TASK DESCRIPTION
Find the line holding "by rewrite dhomogX; apply/eqP." in the entries below. Give it again exactly, along with every line after it up to and including the line holding "move=> _ nz_P".

##########

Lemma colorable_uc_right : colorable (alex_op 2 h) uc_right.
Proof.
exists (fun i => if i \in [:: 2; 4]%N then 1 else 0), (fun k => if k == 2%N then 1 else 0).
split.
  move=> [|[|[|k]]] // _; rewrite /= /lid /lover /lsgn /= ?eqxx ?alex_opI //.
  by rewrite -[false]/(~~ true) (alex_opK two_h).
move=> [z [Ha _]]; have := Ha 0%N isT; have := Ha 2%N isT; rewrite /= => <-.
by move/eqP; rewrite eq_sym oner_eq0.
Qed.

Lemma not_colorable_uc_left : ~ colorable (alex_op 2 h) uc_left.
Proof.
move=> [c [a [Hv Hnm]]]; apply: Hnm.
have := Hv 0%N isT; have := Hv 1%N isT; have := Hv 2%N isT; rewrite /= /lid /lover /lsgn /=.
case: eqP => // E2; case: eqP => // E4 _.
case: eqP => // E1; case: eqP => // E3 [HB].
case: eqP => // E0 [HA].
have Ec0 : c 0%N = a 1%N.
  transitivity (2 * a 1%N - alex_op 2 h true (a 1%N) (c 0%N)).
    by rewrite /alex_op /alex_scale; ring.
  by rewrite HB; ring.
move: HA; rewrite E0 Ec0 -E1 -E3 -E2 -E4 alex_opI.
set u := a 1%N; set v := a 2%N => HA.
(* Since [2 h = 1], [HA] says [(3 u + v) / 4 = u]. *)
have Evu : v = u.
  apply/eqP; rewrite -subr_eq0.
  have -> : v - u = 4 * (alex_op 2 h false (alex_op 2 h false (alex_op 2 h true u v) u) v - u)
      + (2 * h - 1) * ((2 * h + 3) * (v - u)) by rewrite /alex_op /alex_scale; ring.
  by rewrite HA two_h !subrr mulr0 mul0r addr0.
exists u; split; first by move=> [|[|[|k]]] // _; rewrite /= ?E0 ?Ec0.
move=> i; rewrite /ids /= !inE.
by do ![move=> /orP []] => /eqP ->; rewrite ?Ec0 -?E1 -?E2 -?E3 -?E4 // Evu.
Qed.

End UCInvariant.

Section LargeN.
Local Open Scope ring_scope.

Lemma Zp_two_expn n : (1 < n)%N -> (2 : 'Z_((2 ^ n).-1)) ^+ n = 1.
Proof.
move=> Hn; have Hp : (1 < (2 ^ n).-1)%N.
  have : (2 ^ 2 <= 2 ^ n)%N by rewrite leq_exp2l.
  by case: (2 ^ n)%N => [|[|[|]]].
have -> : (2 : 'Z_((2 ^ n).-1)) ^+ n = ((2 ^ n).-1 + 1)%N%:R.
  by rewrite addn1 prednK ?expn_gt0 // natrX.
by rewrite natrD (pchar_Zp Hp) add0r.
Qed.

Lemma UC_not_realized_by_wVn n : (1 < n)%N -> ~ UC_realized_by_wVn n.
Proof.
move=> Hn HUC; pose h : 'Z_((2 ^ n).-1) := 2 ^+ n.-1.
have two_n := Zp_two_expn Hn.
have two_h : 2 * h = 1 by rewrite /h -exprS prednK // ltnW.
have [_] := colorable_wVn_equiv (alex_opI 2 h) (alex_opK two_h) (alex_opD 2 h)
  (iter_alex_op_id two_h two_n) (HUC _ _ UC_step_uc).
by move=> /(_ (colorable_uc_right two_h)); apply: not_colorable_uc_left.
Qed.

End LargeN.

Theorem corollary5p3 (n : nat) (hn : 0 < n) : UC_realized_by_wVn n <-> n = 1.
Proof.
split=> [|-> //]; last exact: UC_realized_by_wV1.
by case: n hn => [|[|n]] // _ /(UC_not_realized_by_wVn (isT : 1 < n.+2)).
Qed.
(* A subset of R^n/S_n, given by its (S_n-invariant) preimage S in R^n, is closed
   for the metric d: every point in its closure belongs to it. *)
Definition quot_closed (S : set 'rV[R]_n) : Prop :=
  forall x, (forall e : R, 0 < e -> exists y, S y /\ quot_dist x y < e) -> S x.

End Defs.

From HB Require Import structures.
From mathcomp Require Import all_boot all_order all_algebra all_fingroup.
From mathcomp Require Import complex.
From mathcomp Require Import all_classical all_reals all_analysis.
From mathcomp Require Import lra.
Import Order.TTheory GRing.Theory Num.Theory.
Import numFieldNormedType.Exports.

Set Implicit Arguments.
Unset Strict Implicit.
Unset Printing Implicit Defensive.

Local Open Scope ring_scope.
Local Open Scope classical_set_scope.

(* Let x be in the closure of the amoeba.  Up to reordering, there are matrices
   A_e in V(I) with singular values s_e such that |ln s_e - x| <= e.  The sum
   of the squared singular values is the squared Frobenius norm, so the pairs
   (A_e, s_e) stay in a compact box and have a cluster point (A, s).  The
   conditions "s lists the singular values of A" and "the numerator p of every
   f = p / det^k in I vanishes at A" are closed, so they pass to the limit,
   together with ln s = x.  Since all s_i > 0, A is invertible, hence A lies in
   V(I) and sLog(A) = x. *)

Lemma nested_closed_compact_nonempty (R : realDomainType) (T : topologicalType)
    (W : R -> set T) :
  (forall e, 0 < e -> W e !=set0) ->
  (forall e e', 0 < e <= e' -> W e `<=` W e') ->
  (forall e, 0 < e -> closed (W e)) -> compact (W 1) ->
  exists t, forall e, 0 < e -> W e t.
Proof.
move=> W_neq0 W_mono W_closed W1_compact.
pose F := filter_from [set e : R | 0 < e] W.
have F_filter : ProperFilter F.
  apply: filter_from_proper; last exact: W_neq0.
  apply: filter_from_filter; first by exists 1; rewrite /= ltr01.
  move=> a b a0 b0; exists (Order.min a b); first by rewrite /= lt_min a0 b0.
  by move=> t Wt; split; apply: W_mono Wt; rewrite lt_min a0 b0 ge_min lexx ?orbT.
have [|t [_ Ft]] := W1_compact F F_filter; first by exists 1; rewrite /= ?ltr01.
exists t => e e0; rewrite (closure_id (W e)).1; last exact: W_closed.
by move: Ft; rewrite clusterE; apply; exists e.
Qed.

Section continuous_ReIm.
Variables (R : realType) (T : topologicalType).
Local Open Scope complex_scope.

##########

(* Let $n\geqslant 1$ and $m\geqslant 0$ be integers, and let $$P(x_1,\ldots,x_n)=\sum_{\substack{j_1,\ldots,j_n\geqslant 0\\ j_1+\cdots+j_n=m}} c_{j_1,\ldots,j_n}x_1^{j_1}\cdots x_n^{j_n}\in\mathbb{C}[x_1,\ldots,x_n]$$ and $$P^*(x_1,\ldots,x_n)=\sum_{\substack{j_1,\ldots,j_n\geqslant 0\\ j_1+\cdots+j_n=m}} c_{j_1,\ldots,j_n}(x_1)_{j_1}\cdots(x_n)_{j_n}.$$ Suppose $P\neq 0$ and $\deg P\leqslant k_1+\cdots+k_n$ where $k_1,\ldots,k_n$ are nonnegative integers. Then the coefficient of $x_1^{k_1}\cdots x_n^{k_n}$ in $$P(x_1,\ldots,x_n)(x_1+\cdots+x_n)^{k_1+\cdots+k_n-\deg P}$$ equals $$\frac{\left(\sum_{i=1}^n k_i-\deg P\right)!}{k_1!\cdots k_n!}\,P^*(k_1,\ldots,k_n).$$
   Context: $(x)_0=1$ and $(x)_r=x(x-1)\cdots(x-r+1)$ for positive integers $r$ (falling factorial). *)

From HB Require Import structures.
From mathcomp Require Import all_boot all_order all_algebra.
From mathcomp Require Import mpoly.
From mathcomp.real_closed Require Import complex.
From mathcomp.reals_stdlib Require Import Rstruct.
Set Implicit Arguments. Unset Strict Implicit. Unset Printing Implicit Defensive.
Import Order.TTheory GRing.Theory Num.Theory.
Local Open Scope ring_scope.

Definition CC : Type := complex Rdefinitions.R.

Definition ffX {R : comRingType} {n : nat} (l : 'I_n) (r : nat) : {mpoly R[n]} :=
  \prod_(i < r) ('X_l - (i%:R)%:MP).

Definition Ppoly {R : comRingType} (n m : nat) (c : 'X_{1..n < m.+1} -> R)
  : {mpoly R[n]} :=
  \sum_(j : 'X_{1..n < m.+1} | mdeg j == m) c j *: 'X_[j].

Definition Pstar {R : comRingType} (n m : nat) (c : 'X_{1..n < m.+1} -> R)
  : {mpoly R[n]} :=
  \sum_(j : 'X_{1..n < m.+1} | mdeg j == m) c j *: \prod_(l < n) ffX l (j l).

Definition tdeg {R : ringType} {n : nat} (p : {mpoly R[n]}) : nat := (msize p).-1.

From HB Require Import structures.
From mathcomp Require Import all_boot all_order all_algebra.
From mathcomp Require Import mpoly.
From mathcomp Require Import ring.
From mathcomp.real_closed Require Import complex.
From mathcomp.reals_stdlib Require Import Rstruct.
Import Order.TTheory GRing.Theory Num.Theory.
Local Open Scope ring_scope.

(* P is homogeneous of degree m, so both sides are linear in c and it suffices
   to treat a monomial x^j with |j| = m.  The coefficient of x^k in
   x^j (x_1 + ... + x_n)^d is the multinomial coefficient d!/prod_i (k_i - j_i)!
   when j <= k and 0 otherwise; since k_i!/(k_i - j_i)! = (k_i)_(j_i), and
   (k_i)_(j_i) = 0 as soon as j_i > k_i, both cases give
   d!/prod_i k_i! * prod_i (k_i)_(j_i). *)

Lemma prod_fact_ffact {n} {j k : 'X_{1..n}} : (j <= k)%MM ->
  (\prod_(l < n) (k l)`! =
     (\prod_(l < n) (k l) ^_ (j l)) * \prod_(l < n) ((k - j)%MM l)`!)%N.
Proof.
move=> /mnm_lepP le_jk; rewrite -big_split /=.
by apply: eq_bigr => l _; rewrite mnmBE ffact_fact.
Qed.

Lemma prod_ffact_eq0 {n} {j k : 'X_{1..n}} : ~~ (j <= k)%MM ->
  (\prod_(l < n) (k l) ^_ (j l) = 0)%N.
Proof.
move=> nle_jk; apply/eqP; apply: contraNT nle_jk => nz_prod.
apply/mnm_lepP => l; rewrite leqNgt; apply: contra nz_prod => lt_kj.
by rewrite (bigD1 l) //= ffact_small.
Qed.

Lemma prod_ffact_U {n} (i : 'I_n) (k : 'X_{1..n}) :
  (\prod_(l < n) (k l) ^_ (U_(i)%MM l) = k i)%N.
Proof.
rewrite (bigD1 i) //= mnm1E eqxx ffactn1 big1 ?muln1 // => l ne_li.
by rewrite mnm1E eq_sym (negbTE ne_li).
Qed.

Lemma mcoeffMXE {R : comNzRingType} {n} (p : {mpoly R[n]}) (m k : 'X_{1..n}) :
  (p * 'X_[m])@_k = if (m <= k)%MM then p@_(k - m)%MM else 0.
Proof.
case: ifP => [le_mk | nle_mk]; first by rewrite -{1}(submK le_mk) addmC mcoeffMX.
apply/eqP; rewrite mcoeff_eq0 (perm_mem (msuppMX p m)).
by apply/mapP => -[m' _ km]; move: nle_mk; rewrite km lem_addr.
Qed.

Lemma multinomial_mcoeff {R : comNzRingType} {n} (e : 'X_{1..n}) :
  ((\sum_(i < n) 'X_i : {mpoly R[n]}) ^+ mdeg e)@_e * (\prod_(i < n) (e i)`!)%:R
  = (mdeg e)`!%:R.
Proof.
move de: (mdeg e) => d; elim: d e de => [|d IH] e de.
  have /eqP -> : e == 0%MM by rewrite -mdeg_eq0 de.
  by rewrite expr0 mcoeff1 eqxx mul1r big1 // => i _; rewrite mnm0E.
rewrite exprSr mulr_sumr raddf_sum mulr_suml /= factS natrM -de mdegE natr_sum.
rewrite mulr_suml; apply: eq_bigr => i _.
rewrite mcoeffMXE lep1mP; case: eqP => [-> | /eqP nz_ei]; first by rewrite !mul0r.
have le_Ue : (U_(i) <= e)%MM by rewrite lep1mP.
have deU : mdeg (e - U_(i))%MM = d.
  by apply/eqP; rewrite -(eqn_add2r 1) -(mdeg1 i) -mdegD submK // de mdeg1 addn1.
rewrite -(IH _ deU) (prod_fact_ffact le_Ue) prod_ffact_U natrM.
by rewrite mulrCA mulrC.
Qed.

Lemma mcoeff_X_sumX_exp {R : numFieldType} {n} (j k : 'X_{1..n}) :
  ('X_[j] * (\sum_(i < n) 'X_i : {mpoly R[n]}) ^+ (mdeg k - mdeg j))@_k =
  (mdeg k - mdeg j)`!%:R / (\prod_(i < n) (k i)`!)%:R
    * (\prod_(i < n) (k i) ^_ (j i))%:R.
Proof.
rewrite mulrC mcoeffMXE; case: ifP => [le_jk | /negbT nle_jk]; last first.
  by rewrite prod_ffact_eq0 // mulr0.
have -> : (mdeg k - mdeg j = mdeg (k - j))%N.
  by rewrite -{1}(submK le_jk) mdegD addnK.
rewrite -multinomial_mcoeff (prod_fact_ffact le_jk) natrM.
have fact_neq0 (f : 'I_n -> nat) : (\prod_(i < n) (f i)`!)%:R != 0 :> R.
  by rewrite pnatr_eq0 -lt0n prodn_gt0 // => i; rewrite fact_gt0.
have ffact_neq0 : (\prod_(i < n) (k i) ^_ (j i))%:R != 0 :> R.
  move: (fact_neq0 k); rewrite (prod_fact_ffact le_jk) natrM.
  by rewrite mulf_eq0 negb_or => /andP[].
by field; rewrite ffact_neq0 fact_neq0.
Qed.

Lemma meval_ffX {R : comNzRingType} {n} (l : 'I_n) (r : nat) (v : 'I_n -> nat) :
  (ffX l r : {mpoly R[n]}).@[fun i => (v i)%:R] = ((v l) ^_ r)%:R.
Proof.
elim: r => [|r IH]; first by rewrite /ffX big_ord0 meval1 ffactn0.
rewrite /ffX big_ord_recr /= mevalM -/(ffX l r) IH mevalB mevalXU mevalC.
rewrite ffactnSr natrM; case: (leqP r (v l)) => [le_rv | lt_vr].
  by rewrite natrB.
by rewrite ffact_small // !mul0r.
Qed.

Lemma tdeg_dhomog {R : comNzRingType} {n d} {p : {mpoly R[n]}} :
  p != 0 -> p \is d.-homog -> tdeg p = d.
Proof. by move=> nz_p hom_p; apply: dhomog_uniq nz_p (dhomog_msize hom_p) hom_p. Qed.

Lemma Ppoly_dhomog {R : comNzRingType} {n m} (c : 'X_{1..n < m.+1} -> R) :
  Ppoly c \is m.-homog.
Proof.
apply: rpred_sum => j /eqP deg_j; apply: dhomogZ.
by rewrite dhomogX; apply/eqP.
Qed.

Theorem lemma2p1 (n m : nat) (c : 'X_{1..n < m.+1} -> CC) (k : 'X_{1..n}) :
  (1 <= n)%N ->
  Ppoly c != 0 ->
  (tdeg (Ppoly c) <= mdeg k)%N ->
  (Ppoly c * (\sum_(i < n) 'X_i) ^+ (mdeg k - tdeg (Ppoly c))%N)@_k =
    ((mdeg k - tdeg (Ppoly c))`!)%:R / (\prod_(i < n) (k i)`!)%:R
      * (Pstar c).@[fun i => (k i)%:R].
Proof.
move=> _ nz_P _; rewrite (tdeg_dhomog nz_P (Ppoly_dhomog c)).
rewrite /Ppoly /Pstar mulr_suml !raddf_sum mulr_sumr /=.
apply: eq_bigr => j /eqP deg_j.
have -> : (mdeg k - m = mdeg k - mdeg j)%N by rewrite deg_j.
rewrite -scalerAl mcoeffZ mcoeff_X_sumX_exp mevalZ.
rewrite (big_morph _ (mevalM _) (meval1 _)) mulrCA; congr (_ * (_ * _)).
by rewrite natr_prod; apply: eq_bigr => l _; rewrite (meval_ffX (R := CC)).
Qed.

##########

ANSWER SPACE
by rewrite dhomogX; apply/eqP.
Qed.

Theorem lemma2p1 (n m : nat) (c : 'X_{1..n < m.+1} -> CC) (k : 'X_{1..n}) :
  (1 <= n)%N ->
  Ppoly c != 0 ->
  (tdeg (Ppoly c) <= mdeg k)%N ->
  (Ppoly c * (\sum_(i < n) 'X_i) ^+ (mdeg k - tdeg (Ppoly c))%N)@_k =
    ((mdeg k - tdeg (Ppoly c))`!)%:R / (\prod_(i < n) (k i)`!)%:R
      * (Pstar c).@[fun i => (k i)%:R].
Proof.
move=> _ nz_P _; rewrite (tdeg_dhomog nz_P (Ppoly_dhomog c)).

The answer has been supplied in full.